──────── Data shown ────────

(* Let $p>11$ be prime, $q=p^h$, and let $\mathcal{F}: aX^n+bY^n=Z^n$ with $a,b\in\mathbb{F}_q$, $ab\neq0$, $n>3$, be an irreducible Fermat curve over $\mathbb{F}_q$. If $n=\frac{p^h-1}{3(p^r-1)}$ for a positive integer $r$ and $a^3,b^3\in\mathbb{F}_{p^r}$, then $N_q(\mathcal{F})=3n+n^2(p^r-2)$ if $p^r\equiv1\pmod3$, and $N_q(\mathcal{F})=3n+n^2p^r$ otherwise.
   Context: $N_q(\mathcal{F})$ denotes the number of $\mathbb{F}_q$-rational points of $\mathcal{F}$. *)

From HB Require Import structures.
From mathcomp Require Import all_boot all_order all_algebra all_field.
Set Implicit Arguments. Unset Strict Implicit. Unset Printing Implicit Defensive.
Import GRing.Theory.
Local Open Scope ring_scope.

(* Canonical representative of a point of P^2(F): the first nonzero
   coordinate equals 1 (and the triple is nonzero). *)
Definition proj_normalized (F : fieldType) (t : F * F * F) : bool :=
  let: (x, y, z) := t in
  if x != 0 then x == 1 else if y != 0 then y == 1 else z == 1.

Definition fermat_Nq (F : finFieldType) (a b : F) (n : nat) : nat :=
  #|[set t : F * F * F | proj_normalized t &&
       (a * t.1.1 ^+ n + b * t.1.2 ^+ n == t.2 ^+ n)]|.

(* membership in the subfield F_{p^m} of F (fixed field of x |-> x^(p^m)) *)
Definition in_subfield (F : finFieldType) (p m : nat) (x : F) : bool :=
  x ^+ (p ^ m) == x.

From HB Require Import structures.
From mathcomp Require Import all_boot all_order all_algebra all_field.
From mathcomp Require Import ring zify.
Set Implicit Arguments. Unset Strict Implicit. Unset Printing Implicit Defensive.

(* Points with x = 0 are the n solutions of z^n = b.  The points (1 : y : z)
   are counted by grouping y according to w = y^n: with m = (q - 1) / n, a
   nonzero c has exactly n n-th roots iff c^m = 1, and the substitution
   w = -(a/b) s turns the count into 3n + n^2 #{s | s^m = (1 - s)^m = 1}.
   For m = 3(p^r - 1) these s are those with s^3 and (1 - s)^3 in F_{p^r};
   then s^2 - s is in F_{p^r} as well, which forces s in F_{p^r} \ {0, 1}
   or s^2 - s + 1 = 0, and the two roots of the latter already lie in
   F_{p^r} exactly when p^r = 1 (mod 3). *)

Import GRing.Theory.
Local Open Scope ring_scope.

Section RootsOfConstants.
Variable F : finFieldType.

Lemma card_rootsXn_le (d : nat) (c : F) :
  (0 < d)%N -> (#|[set x : F | x ^+ d == c]| <= d)%N.
Proof.
move=> d_gt0; have Xd_c_neq0 : ('X^d - c%:P : {poly F}) != 0.
  by rewrite -size_poly_eq0 size_XnsubC.
have := max_poly_roots Xd_c_neq0 (rs := enum [set x : F | x ^+ d == c]).
rewrite size_XnsubC // ltnS cardE; apply; last exact: enum_uniq.
by apply/allP => x; rewrite mem_enum inE rootE !hornerE subr_eq0.
Qed.

Lemma card_pred_gt0 : (0 < #|F|.-1)%N.
Proof. by rewrite -subn1 subn_gt0 finNzRing_gt1. Qed.

Lemma expf_card_pred (x : F) : x != 0 -> x ^+ #|F|.-1 = 1.
Proof.
move=> x_neq0; apply: (mulIf x_neq0).
by rewrite mul1r -exprSr prednK ?expf_card // (ltn_trans _ (finNzRing_gt1 F)).
Qed.

(* The map x |-> x^d sends the #|F|.-1 nonzero elements into the at most e
   e-th roots of unity with fibres of size at most d, so all bounds are tight. *)
Lemma card_rootsXn (d e : nat) (c : F) :
  (d * e = #|F|.-1)%N -> c ^+ e = 1 -> #|[set x : F | x ^+ d == c]| = d.
Proof.
move=> de ce1; have /andP[d_gt0 e_gt0] : (0 < d)%N && (0 < e)%N.
  by rewrite -muln_gt0 de card_pred_gt0.
set S := [set u : F | u ^+ e == 1].
pose N u := #|[set x : F | x ^+ d == u]|.
have sum_fibres : #|F|.-1 = (\sum_(u in S) N u)%N.
  rewrite -(cardC1 (0 : F)) -sum1_card (partition_big (fun x => x ^+ d) (mem S)).
    apply: eq_bigr => u; rewrite inE => ue1; rewrite sum1_card.
    apply: eq_card => x; rewrite unfold_in /= !inE.
    have [->|//] := eqVneq x 0; rewrite expr0n (gtn_eqF d_gt0) /=.
    apply/esym/negbTE; apply: contraTneq ue1 => <-.
    by rewrite inE expr0n (gtn_eqF e_gt0) eq_sym oner_eq0.
  by move=> x; rewrite !inE => x_neq0; rewrite -exprM de expf_card_pred.
have S_le : (#|S| <= e)%N by exact: card_rootsXn_le.
have sum_le : (\sum_(u in S) N u <= #|S| * d)%N.
  by rewrite -sum_nat_const; apply: leq_sum => u _; apply: card_rootsXn_le.
have cardS : #|S| = e.
  apply/eqP; rewrite eqn_leq S_le -(leq_pmul2r d_gt0) mulnC de sum_fibres.
  exact: sum_le.
have cS : c \in S by rewrite inE ce1.
apply/eqP; rewrite eqn_leq card_rootsXn_le //= leqNgt; apply/negP => Nc_lt.
have : (\sum_(u in S) N u < \sum_(u in S) d)%N.
  rewrite (bigD1 c) //= [X in (_ < X)%N](bigD1 c) //= -addSn.
  by apply: leq_add => //; apply: leq_sum => u _; apply: card_rootsXn_le.
by rewrite sum_nat_const cardS -sum_fibres -de mulnC ltnn.
Qed.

────────

What the task asks:
Find "cardS" in the data above. Report each line where it appears.

Answer for this exercise:
have cardS : #|S| = e.
by rewrite sum_nat_const cardS -sum_fibres -de mulnC ltnn.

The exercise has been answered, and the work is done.